### Exercise goal
Search the material for lines containing the word "gcar", and copy each one.

### Input records

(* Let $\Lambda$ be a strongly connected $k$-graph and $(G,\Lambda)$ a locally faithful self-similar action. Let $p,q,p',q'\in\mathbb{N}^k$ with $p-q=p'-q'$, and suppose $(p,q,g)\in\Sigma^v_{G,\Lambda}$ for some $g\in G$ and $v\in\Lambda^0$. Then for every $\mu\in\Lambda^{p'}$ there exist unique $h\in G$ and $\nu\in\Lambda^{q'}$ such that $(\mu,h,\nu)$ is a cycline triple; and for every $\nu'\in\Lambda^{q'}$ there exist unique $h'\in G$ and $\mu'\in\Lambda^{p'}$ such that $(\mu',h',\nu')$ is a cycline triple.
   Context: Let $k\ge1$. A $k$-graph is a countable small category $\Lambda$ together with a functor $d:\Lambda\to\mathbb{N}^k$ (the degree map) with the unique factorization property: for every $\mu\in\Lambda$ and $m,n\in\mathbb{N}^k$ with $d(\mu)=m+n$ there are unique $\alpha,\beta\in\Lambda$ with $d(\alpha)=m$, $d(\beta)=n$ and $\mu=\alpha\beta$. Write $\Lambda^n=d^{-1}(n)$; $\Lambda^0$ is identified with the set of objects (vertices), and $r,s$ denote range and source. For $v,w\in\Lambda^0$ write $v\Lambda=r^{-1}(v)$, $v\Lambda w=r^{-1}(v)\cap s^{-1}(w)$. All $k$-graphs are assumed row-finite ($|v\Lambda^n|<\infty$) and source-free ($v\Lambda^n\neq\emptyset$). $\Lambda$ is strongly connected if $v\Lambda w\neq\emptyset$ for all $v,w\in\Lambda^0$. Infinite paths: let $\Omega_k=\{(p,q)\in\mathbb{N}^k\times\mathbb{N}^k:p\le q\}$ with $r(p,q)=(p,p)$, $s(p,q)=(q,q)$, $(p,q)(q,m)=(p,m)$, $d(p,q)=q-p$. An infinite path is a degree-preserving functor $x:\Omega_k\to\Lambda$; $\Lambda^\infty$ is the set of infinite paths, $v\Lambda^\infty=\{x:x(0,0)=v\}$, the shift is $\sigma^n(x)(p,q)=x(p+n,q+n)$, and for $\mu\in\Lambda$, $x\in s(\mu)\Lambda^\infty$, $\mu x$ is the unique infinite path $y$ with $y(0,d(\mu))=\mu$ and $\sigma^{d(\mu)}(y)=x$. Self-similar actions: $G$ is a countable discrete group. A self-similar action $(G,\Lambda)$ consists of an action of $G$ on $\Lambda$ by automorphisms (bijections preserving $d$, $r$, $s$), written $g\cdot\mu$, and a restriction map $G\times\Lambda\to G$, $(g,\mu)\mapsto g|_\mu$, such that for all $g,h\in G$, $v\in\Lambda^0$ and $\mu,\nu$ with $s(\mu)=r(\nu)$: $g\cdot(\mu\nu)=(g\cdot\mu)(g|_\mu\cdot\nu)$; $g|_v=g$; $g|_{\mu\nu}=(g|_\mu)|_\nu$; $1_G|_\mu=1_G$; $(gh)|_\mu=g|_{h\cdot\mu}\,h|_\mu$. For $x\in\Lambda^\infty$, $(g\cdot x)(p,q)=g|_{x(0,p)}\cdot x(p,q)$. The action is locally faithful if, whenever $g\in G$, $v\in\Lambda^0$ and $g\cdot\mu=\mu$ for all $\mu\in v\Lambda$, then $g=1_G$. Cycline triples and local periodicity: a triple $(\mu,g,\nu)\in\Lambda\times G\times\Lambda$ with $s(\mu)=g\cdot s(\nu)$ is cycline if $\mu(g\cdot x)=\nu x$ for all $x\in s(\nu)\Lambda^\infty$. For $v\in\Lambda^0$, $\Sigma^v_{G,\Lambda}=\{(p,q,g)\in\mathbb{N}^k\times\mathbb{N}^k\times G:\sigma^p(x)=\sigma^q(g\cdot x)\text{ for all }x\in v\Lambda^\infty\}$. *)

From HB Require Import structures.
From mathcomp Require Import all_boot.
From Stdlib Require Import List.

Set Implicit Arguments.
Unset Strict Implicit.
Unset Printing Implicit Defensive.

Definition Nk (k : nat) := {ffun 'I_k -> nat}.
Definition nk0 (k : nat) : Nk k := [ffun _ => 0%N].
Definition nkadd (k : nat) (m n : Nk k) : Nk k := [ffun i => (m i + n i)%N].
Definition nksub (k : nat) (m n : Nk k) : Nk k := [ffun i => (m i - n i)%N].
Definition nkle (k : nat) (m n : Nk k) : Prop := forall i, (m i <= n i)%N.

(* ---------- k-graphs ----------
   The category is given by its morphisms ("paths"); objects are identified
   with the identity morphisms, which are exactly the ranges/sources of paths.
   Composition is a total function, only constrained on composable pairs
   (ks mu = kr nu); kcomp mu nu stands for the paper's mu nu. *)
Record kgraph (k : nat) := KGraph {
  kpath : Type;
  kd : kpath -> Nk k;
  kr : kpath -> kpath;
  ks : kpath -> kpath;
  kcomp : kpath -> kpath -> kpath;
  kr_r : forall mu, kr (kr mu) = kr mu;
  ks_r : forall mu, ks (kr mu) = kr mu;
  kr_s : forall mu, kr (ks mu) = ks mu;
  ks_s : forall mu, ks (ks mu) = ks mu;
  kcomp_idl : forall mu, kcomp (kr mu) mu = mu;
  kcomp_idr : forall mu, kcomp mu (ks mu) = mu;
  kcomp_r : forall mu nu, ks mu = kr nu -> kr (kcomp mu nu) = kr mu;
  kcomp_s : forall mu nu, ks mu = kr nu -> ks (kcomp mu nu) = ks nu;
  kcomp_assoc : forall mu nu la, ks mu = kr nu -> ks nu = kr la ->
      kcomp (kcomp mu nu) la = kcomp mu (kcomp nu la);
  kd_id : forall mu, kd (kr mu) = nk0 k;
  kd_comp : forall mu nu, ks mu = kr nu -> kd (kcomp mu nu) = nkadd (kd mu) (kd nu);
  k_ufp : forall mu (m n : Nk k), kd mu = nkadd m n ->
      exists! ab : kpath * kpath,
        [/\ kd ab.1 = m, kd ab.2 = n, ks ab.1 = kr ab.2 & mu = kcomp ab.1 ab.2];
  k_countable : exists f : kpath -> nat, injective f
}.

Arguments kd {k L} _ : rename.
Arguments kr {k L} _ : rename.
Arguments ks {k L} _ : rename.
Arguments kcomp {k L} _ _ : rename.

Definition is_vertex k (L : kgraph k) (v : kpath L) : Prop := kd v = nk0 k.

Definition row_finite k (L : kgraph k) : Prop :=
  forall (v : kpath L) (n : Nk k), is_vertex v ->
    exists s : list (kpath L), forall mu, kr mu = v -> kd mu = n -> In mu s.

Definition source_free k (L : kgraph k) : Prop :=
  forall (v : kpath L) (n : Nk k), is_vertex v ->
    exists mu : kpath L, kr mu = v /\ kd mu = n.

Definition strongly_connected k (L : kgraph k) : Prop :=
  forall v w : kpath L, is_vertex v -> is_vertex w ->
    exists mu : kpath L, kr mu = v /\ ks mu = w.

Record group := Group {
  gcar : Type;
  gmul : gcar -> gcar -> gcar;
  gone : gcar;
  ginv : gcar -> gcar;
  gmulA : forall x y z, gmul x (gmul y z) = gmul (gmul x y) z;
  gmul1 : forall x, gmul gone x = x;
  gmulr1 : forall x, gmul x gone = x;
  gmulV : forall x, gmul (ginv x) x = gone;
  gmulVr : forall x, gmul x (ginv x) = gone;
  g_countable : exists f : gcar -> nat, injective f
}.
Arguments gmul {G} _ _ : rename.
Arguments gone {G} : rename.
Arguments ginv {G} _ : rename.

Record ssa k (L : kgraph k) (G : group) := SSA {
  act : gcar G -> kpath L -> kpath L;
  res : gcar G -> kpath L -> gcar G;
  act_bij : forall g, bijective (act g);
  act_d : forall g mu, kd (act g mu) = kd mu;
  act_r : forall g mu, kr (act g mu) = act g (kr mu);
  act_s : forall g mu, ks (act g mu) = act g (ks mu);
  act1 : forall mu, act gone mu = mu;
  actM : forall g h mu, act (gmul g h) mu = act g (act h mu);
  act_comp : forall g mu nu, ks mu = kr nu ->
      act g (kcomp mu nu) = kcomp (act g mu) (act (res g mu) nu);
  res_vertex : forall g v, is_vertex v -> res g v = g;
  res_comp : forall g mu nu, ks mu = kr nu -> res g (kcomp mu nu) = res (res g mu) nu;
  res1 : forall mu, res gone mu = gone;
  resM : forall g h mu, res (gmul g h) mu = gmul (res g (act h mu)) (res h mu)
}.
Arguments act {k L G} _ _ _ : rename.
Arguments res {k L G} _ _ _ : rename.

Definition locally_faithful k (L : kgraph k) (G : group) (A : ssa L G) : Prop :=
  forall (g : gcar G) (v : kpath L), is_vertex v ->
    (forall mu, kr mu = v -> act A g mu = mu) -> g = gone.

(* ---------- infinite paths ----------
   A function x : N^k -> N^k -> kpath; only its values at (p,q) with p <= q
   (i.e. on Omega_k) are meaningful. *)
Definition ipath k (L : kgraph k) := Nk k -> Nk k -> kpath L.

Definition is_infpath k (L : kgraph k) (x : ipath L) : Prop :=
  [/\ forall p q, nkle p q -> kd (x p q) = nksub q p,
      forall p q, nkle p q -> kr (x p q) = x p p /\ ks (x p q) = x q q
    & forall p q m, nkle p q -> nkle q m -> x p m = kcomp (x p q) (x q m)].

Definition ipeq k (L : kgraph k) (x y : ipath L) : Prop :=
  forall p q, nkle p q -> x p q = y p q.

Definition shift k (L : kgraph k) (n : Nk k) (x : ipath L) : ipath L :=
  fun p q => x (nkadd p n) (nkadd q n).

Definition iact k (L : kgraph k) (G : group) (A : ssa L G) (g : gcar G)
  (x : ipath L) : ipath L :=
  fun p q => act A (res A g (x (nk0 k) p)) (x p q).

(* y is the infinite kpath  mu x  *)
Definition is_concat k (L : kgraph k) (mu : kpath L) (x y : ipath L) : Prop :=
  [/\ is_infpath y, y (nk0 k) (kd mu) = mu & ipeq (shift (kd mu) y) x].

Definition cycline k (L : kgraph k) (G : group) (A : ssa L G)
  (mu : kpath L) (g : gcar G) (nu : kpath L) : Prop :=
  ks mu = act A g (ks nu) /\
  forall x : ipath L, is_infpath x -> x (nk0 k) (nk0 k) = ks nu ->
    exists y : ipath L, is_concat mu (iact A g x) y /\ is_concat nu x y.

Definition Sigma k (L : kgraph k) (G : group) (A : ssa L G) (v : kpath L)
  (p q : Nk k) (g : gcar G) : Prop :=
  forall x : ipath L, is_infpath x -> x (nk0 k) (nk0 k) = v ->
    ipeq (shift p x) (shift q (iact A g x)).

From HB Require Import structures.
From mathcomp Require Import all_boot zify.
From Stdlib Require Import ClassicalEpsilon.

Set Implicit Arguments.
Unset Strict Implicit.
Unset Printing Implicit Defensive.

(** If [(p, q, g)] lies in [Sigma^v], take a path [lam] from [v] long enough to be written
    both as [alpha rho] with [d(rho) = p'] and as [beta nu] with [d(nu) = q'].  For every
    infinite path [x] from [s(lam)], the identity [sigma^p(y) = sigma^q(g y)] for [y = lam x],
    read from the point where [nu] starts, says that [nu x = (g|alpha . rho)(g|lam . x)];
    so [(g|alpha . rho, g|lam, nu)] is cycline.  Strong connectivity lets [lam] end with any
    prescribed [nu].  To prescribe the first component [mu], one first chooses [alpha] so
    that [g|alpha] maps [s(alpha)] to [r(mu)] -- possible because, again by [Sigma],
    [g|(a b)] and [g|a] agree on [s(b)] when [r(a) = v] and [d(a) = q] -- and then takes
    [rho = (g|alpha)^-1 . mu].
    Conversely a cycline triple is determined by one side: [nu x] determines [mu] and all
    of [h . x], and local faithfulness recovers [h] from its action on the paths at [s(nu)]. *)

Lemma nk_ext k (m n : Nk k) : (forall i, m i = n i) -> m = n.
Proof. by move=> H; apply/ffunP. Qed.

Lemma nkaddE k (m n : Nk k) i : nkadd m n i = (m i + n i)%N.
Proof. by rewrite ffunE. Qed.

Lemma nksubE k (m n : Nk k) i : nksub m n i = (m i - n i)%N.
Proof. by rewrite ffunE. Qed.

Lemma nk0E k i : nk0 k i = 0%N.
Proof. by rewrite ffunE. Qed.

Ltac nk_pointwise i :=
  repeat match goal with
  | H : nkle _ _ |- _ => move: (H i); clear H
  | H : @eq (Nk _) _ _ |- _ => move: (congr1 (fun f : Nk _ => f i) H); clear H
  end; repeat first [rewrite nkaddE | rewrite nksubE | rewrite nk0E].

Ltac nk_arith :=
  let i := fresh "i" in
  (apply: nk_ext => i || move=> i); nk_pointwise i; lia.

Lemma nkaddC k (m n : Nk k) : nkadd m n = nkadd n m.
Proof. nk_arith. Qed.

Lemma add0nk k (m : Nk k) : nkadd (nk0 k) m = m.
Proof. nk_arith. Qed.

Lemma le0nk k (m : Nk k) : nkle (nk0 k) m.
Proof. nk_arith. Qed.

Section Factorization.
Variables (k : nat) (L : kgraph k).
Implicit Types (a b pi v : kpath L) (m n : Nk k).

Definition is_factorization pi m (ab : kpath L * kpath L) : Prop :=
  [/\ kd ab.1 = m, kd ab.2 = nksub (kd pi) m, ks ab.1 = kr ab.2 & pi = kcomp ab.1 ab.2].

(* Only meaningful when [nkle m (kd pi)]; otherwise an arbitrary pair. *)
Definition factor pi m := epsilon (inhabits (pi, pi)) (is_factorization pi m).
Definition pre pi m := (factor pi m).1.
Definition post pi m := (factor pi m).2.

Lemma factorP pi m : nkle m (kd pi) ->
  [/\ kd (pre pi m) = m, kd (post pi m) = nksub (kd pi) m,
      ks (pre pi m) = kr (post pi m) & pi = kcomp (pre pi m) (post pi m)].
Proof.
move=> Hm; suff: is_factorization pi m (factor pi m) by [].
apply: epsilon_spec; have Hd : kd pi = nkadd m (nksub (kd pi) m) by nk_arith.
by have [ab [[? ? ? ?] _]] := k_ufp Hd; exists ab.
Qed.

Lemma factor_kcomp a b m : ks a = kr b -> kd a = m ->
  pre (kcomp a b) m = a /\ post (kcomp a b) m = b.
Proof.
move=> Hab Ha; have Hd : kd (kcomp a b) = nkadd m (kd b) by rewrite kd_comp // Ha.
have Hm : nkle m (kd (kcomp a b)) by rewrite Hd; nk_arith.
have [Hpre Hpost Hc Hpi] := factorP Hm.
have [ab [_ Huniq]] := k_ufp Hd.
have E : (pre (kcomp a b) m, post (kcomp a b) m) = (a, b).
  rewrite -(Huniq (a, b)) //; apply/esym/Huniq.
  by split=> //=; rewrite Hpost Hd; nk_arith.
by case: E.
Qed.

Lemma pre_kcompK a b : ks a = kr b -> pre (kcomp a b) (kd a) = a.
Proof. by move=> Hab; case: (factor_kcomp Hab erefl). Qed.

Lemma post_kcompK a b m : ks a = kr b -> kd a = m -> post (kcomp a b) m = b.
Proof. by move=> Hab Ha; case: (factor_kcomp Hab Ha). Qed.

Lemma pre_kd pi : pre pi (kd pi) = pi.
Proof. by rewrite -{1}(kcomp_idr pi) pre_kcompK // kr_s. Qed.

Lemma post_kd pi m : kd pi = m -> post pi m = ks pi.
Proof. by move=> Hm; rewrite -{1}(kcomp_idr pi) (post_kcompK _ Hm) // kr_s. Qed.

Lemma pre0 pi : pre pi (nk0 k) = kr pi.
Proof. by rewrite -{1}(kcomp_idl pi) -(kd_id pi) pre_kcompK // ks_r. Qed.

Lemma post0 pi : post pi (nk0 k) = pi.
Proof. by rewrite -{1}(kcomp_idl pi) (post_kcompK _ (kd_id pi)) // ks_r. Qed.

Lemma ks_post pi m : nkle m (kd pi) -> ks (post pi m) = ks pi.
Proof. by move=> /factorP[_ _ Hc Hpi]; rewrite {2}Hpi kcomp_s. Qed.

### Output of the task
  gcar : Type;
  gmul : gcar -> gcar -> gcar;
  gone : gcar;
  ginv : gcar -> gcar;
  g_countable : exists f : gcar -> nat, injective f
  act : gcar G -> kpath L -> kpath L;
  res : gcar G -> kpath L -> gcar G;
  forall (g : gcar G) (v : kpath L), is_vertex v ->
Definition iact k (L : kgraph k) (G : group) (A : ssa L G) (g : gcar G)
  (mu : kpath L) (g : gcar G) (nu : kpath L) : Prop :=
  (p q : Nk k) (g : gcar G) : Prop :=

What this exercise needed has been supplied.